Lemma preact_gradf W v j u :
  preact (gradf a phi' W v) j u = a j * phi' (preact W j v) * dotv v u.
Proof. by rewrite mulr_sumr; apply: eq_bigr => l _; rewrite mxE mulrA. Qed.

Lemma frob_gradfl W u D :
  frob (gradf a phi' W u) D = \sum_(j < m) a j * phi' (preact W j u) * preact D j u.
Proof.
apply: eq_bigr => j _; rewrite mulr_sumr; apply: eq_bigr => l _.
by rewrite mxE; ring.
Qed.

Hypothesis phi'_derive : forall t : R, is_derive t 1 phi (phi' t).
Hypothesis phi''_derive : forall t : R, is_derive t 1 phi' (phi'' t).
Hypothesis phi''_le : forall t : R, `|phi'' t| <= H.

Lemma netf_taylor2_le W D u :
  `|netf a phi (W + D) u - netf a phi W u - frob (gradf a phi' W u) D|
    <= H / 2 * \sum_(j < m) `|a j| * preact D j u ^+ 2.
Proof.
have preactD j : preact (W + D) j u = preact W j u + preact D j u.
  by rewrite -big_split; apply: eq_bigr => l _; rewrite mxE mulrDl.
rewrite frob_gradfl /netf -!sumrB mulr_sumr (le_trans (ler_norm_sum _ _ _)) //.
apply: ler_sum => j _; rewrite preactD.
rewrite (_ : _ - _ - _ = a j * (phi (preact W j u + preact D j u) - phi (preact W j u)
                                - phi' (preact W j u) * preact D j u)); last by ring.
rewrite normrM mulrCA ler_wpM2l //.
exact: taylor2_remainder_le.
Qed.

Hypothesis phi'_le1 : forall t : R, `|phi' t| <= 1.
Hypothesis a_sqr : forall j, a j ^+ 2 = m%:R^-1.

Lemma normr_a_le1 j : `|a j| <= 1.
Proof.
have m0 : (0 < m)%N by case: m j => [[]|].
rewrite -(expr_le1 (n := 2)) // real_normK ?num_real // a_sqr.
by rewrite invf_le1 ?ler1n ?ltr0n.
Qed.

Lemma sum_a_sqr_le1 : \sum_(j < m) a j ^+ 2 <= 1.
Proof.
under eq_bigr do rewrite a_sqr.
rewrite sumr_const card_ord; case: m => [|m']; first by rewrite mulr0n.
by rewrite -[_ *+ _]mulr_natl mulfV // pnatr_eq0.
Qed.

Lemma preact_gradf_comb_le n (xs : 'I_n -> 'I_d -> R) (b : 'I_n -> R) W j u (B : R) :
  (forall k, `|dotv (xs k) u| <= B) ->
  `|preact (\sum_(k < n) b k *: gradf a phi' W (xs k)) j u|
    <= `|a j| * ((\sum_(k < n) `|b k|) * B).
Proof.
move=> xsB; rewrite preact_scale_sum mulr_suml mulr_sumr.
rewrite (le_trans (ler_norm_sum _ _ _)) //; apply: ler_sum => k _.
rewrite preact_gradf !normrM -!mulrA mulrCA.
apply: ler_wpM2l => //; apply: ler_wpM2l => //.
by rewrite -[B]mul1r ler_pM.
Qed.

Lemma netf_taylor2_gradf_comb_le n (xs : 'I_n -> 'I_d -> R) (b : 'I_n -> R) W u (B : R) :
  (forall k, `|dotv (xs k) u| <= B) ->
  `|netf a phi (W + \sum_(k < n) b k *: gradf a phi' W (xs k)) u - netf a phi W u
      - \sum_(k < n) b k * frob (gradf a phi' W u) (gradf a phi' W (xs k))|
    <= H / 2 * ((\sum_(k < n) `|b k|) * B) ^+ 2.
Proof.
move=> xsB; rewrite -frob_sumr (le_trans (netf_taylor2_le _ _ _)) //.
have H0 : 0 <= H := le_trans (normr_ge0 _) (phi''_le 0).
apply: ler_wpM2l; first by rewrite divr_ge0.
set S := _ * B; apply: le_trans (_ : \sum_(j < m) a j ^+ 2 * S ^+ 2 <= _); last first.
  by rewrite -mulr_suml ler_piMl ?sqr_ge0 ?sum_a_sqr_le1.
apply: ler_sum => j _; have aS := preact_gradf_comb_le b W j xsB.
set p := preact _ j u in aS *.
rewrite -(real_normK (num_real (a j))) -exprMn -(real_normK (num_real p)).
have pS : `|p| ^+ 2 <= (`|a j| * S) ^+ 2 by rewrite ler_pXn2r ?nnegrE ?(le_trans _ aS).
by apply: le_trans pS; rewrite ler_piMl ?sqr_ge0 ?normr_a_le1.
Qed.

Lemma frob_gradf_self_le W (u : 'I_d -> R) :
  frob (gradf a phi' W u) (gradf a phi' W u) <= vnorm u ^+ 2.
Proof.
rewrite frob_gradfl vnorm_sqr; under eq_bigr do rewrite preact_gradf.
apply: le_trans (_ : \sum_(j < m) a j ^+ 2 * dotv u u <= _); last first.
  by rewrite -mulr_suml ler_piMl ?dotv_ge0 ?sum_a_sqr_le1.
apply: ler_sum => j _.
rewrite (_ : _ * _ = a j ^+ 2 * (phi' (preact W j u) ^+ 2 * dotv u u)); last by ring.
rewrite ler_wpM2l ?sqr_ge0 // ler_piMl ?dotv_ge0 //.
by rewrite -real_normK ?num_real // expr_le1.
Qed.
Hypothesis G_loc : forall w, exists al be : C, G (G w) = al *: G w + be *: w.

(* When [span (x0, G x0, y)] is [G]-invariant, the relations at the vectors
   [x0 + t y] make a quadratic polynomial in [t] vanish at every [t != 0]. *)
Section Invariant3.
Variables (y : X) (v1 v2 mu : C).
Hypothesis free3_y : free3 x0 (G x0) y.
Hypothesis Gy : G y = lcomb3 x0 (G x0) y v1 v2 mu.

Lemma G_lcomb3 p q r : G (lcomb3 x0 (G x0) y p q r) =
  lcomb3 x0 (G x0) y (q * b + r * v1) (p + q * a + r * v2) (r * mu).
Proof.
have G2x0c : G (G x0) = lcomb3 x0 (G x0) y b a 0.
  by rewrite G2x0 /lcomb3 scale0r addr0 addrC.
have Gx0c : G x0 = lcomb3 x0 (G x0) y 0 1 0 by rewrite lcomb3_e2.
rewrite linear_fun_lcomb3 // G2x0c Gy {1}Gx0c !lcomb3Z !lcomb3D.
by congr lcomb3; ring.
Qed.

Let r1 := v2 * b + mu * v1 - a * v1.
Let r2 := v1 + mu * v2.
Let P := mu * mu - a * mu - b.

Lemma invariant3_poly_eq0 t : t != 0 ->
  - P + (r1 + r2 * mu - P * v2) * t + (r1 * v2 - r2 * v1) * t ^+ 2 = 0.
Proof.
move=> t0; have [al [be Gt]] := G_loc (lcomb3 x0 (G x0) y 1 0 t).
rewrite !G_lcomb3 !lcomb3Z lcomb3D in Gt.
have [E1 E2 E3] := lcomb3_inj free3_y Gt.
have D3 : mu * mu - al * mu - be = 0.
  apply: (mulfI t0); rewrite mulr0 -[RHS](subrr (t * mu * mu)) [X in _ = _ - X]E3.
  by ring.
move: E1 E2 => /eqP; rewrite -subr_eq0 => /eqP E1 /eqP; rewrite -subr_eq0 => /eqP E2.
set L1 := (X in X = 0) in E1; set L2 := (X in X = 0) in E2.
transitivity ((1 + t * v2) * L1 - (t * v1 - mu) * L2
  - (1 + t * v2) * (mu * mu - al * mu - be)); first by rewrite /L1 /L2 /r1 /r2 /P; ring.
by rewrite E1 E2 D3; ring.
Qed.

Lemma quadratic_invariant3 : G (G y) = a *: G y + b *: y.
Proof.
have [P0 k10 k20] := quadratic_eq0_on_units invariant3_poly_eq0.
have {}P0 : P = 0 by rewrite -[P]opprK P0 oppr0.
have r1E : r1 = - (r2 * mu).
  by apply/eqP; rewrite -subr_eq0 opprK -k10 P0 mul0r subr0.
have r2z : r2 = 0.
  have : r2 * r2 = 0 by rewrite -[RHS]oppr0 -k20 r1E /r2; ring.
  by move/eqP; rewrite mulf_eq0 orbb => /eqP.
have r1z : r1 = 0 by rewrite r1E r2z mul0r oppr0.
suff : G (G y) = a *: G y + b *: lcomb3 x0 (G x0) y 0 0 1 by rewrite lcomb3_e3.
rewrite Gy G_lcomb3 !lcomb3Z lcomb3D; congr lcomb3.
all: apply/eqP; rewrite -subr_eq0; apply/eqP.
- by transitivity r1; [rewrite /r1; ring | exact: r1z].
- by transitivity r2; [rewrite /r2; ring | exact: r2z].
- by transitivity P; [rewrite /P; ring | exact: P0].
Qed.

End Invariant3.

Lemma quadratic_free3 y : free3 x0 (G x0) y -> ~ free4 x0 (G x0) y (G y) ->
  G (G y) = a *: G y + b *: y.
Proof.
move=> free3_y /nontrivial_rel4 [c0 [c1 [c2 [c3 [e nz]]]]].
have [c3z|c3n] := eqVneq c3 0.
  by move: e; rewrite c3z scale0r addr0 => /free3_y [? ? ?]; exfalso; apply: nz.
apply: (quadratic_invariant3 (v1 := - c3^-1 * c0) (v2 := - c3^-1 * c1)
  (mu := - c3^-1 * c2) free3_y).
by rewrite (solve_scale c3n e) -/(lcomb3 x0 (G x0) y c0 c1 c2) lcomb3Z.
Qed.

Lemma quadratic_of_free2 y : G (G y) = a *: G y + b *: y.
Proof.
have [free3_y|] := pselect (free3 x0 (G x0) y); last exact: quadratic_in_span.
have [free4_y|] := pselect (free4 x0 (G x0) y (G y)); last exact: quadratic_free3.
have [al [be G2y]] := G_loc y.
exact: quadratic_free4 free4_y G2y (G_loc (x0 + y)).
Qed.

End QuadraticAtX0.

Lemma locally_quadratic : (forall w, ~ free3 w (G w) (G (G w))) ->
  exists a b : C, forall x, G (G x) = a *: G x + b *: x.
Proof.
move=> dep.
have G_loc w := quadratic_rel_of_not_free3 (dep w).
have [[x0 free_x0]|scalar] := pselect (exists x0, free2 x0 (G x0)); last first.
  have [lam Glam] := locally_scalar (fun x hx => scalar (ex_intro _ x hx)).
  by exists lam, 0 => x; rewrite scale0r addr0 Glam.
have [a [b G2x0]] := G_loc x0.
by exists a, b; exact: quadratic_of_free2 free_x0 G2x0 G_loc.
Qed.

End LocallyQuadratic.

Section RankOne.
Variables (R : realType) (X : normedModType R[i]).
Local Notation C := R[i].

Definition contains_nonzero (K : set X) := exists x, x != 0 /\ K x.

Lemma jordan_core_free3_of_rank_ge2 (G : X -> X) (x1 x2 : X) :
  bounded_op G -> infinite_dimensional X -> free2 (G x1) (G x2) ->
  has_jordan_core contains_free3 G.
Proof.
move=> G_bd infX free_u; have G_lin := bounded_op_linear G_bd.
have [[w free_w]|cyclic] := pselect (exists w, free3 w (G w) (G (G w))).
  exact: jordan_core_free3_cyclic G_bd free_w.
have [a [b G2]] := locally_quadratic G_lin (fun w free_w => cyclic (ex_intro _ w free_w)).
have [b0|bn] := eqVneq b 0; last exact: jordan_core_free3_quadratic G_bd infX G2 bn.
have {}G2 x : G (G x) = a *: G x by rewrite G2 b0 scale0r addr0.
have [a0|an] := eqVneq a 0.
  by apply: (jordan_core_free3_sqr0 G_bd _ free_u) => x; rewrite G2 a0 scale0r.
have [[z Gz]|scalar] := pselect (exists z, G z != a *: z).
  exact: jordan_core_free3_sqr_scale G_bd G2 an Gz free_u.
apply: (jordan_core_free3_scalar G_bd infX _ an) => x.
by apply: contrapT => /eqP Gx; apply: scalar; exists x.
Qed.

Lemma rank_one_jordan_core_nonzero (F : X -> X) :
  bounded_op F -> rank_one F -> has_jordan_core contains_nonzero F.
Proof.
move=> F_bd [[x Fx] [y Fy]]; have F_lin := bounded_op_linear F_bd.
have [d F2x] : exists d : C, F (F x) = d *: F x.
  have [c1 e1] := Fy (F x); have [c2 e2] := Fy x.
  have c2n : c2 != 0 by apply: contra Fx; rewrite e2 => /eqP ->; rewrite scale0r.
  by exists (c1 / c2); rewrite e1 e2 scalerA mulfVK.
have [d0|dn] := eqVneq d 0.
  (* [F] is nilpotent on [F x]; take [T = g(.) x] with [g x = 1] *)
  have [g [g_bd gx]] := separating_functional Fx.
  have T_bd := bounded_op_rank1 x g_bd.
  exists (fun z => g z *: x); split => //; exists (F x); split => //.
  apply: (analytic_core_eigen _ (oner_neq0 _)).
    exact: jprod_linear (bounded_op_linear T_bd) F_lin.
  by rewrite /jprod F2x d0 scale0r (linear_fun0 g_bd.1) scale0r add0r gx !scale1r.
exists (fun z => z); split; first exact: bounded_op_id.
exists (F x); split => //; apply: (analytic_core_eigen (lam := 2%:R * d)).
- by apply: jprod_linear F_lin; exact: (bounded_op_linear (@bounded_op_id _ X)).
- by rewrite mulf_neq0 // pnatr_eq0.
- by rewrite /jprod F2x -scalerA scaler_nat mulr2n.
Qed.

(* [TF + FT] maps into [span (y, T y)] when the range of [F] is spanned by [y]. *)
Lemma rank_one_not_jordan_core_free3 (F : X -> X) :
  rank_one F -> ~ has_jordan_core contains_free3 F.
Proof.
move=> [_ [y Fy]] [T [T_bd [w1 [w2 [w3 [k1 k2 k3]]]]]].
have T_lin := bounded_op_linear T_bd.
have in_span w : analytic_core (jprod T F) w -> exists a b : C, w = lcomb2 y (T y) a b.
  move=> /analytic_core_range [z <-]; have [c Fz] := Fy z; have [c' FTz] := Fy (T z).
  by exists c', c; rewrite /jprod Fz (linear_funZ T_lin) FTz /lcomb2 addrC.
have [a1 [b1 ->]] := in_span _ k1; have [a2 [b2 ->]] := in_span _ k2.
have [a3 [b3 ->]] := in_span _ k3.
exact: lcomb2_not_free3.
Qed.

Lemma not_rank_one_free2 (F : X -> X) x1 : F x1 != 0 -> ~ rank_one F ->
  exists x2, free2 (F x1) (F x2).
Proof.
move=> Fx1 not_r1.
have [x2 Fx2] : exists x2, forall c : C, F x2 != c *: F x1.
  apply: contrapT => all_in; apply: not_r1; split; first by exists x1.
  exists (F x1) => x; apply: contrapT => notin; apply: all_in; exists x => c.
  by apply/eqP => e; apply: notin; exists c.
exists x2 => c0 c1 e; have [c1z|c1n] := eqVneq c1 0.
  move: e; rewrite c1z scale0r addr0 => /eqP; rewrite scaler_eq0 (negbTE Fx1) orbF.
  by move/eqP.
by have := Fx2 (- c1^-1 * c0); rewrite (solve_scale c1n e) scalerA eqxx.
Qed.

Lemma rank_one_iff_jordan_cores (F : X -> X) : bounded_op F -> infinite_dimensional X ->
  rank_one F <->
  has_jordan_core contains_nonzero F /\ ~ has_jordan_core contains_free3 F.
Proof.
move=> F_bd infX; split.
  move=> r1; split; first exact: rank_one_jordan_core_nonzero.
  exact: rank_one_not_jordan_core_free3.
move=> [[T [T_bd [x [x0 kx]]]] not_free3]; apply: contrapT => not_r1.
have [[x1 Fx1]|F0] := pselect (exists x1, F x1 != 0); last first.
  have [z Az] := analytic_core_range kx; apply: (negP x0); apply/eqP.
  have F0z u : F u = 0 by apply: contrapT => /eqP Fu; apply: F0; exists u.
  by rewrite -Az /jprod !F0z (linear_fun0 (bounded_op_linear T_bd)) addr0.
have [x2 free_F] := not_rank_one_free2 Fx1 not_r1.
exact/not_free3/(jordan_core_free3_of_rank_ge2 F_bd infX free_F).
Qed.

End RankOne.

Arguments contains_nonzero {R X}.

* * *

PROBLEM DESCRIPTION:
Repeat exactly the lines of the listing above, from the one with "exact: jordan_core_free3_cyclic G_bd" down to the one with "have [[z Gz]|scalar]"; both of those lines belong in the range.

ANSWER SECTION:
  exact: jordan_core_free3_cyclic G_bd free_w.
have [a [b G2]] := locally_quadratic G_lin (fun w free_w => cyclic (ex_intro _ w free_w)).
have [b0|bn] := eqVneq b 0; last exact: jordan_core_free3_quadratic G_bd infX G2 bn.
have {}G2 x : G (G x) = a *: G x by rewrite G2 b0 scale0r addr0.
have [a0|an] := eqVneq a 0.
  by apply: (jordan_core_free3_sqr0 G_bd _ free_u) => x; rewrite G2 a0 scale0r.
have [[z Gz]|scalar] := pselect (exists z, G z != a *: z).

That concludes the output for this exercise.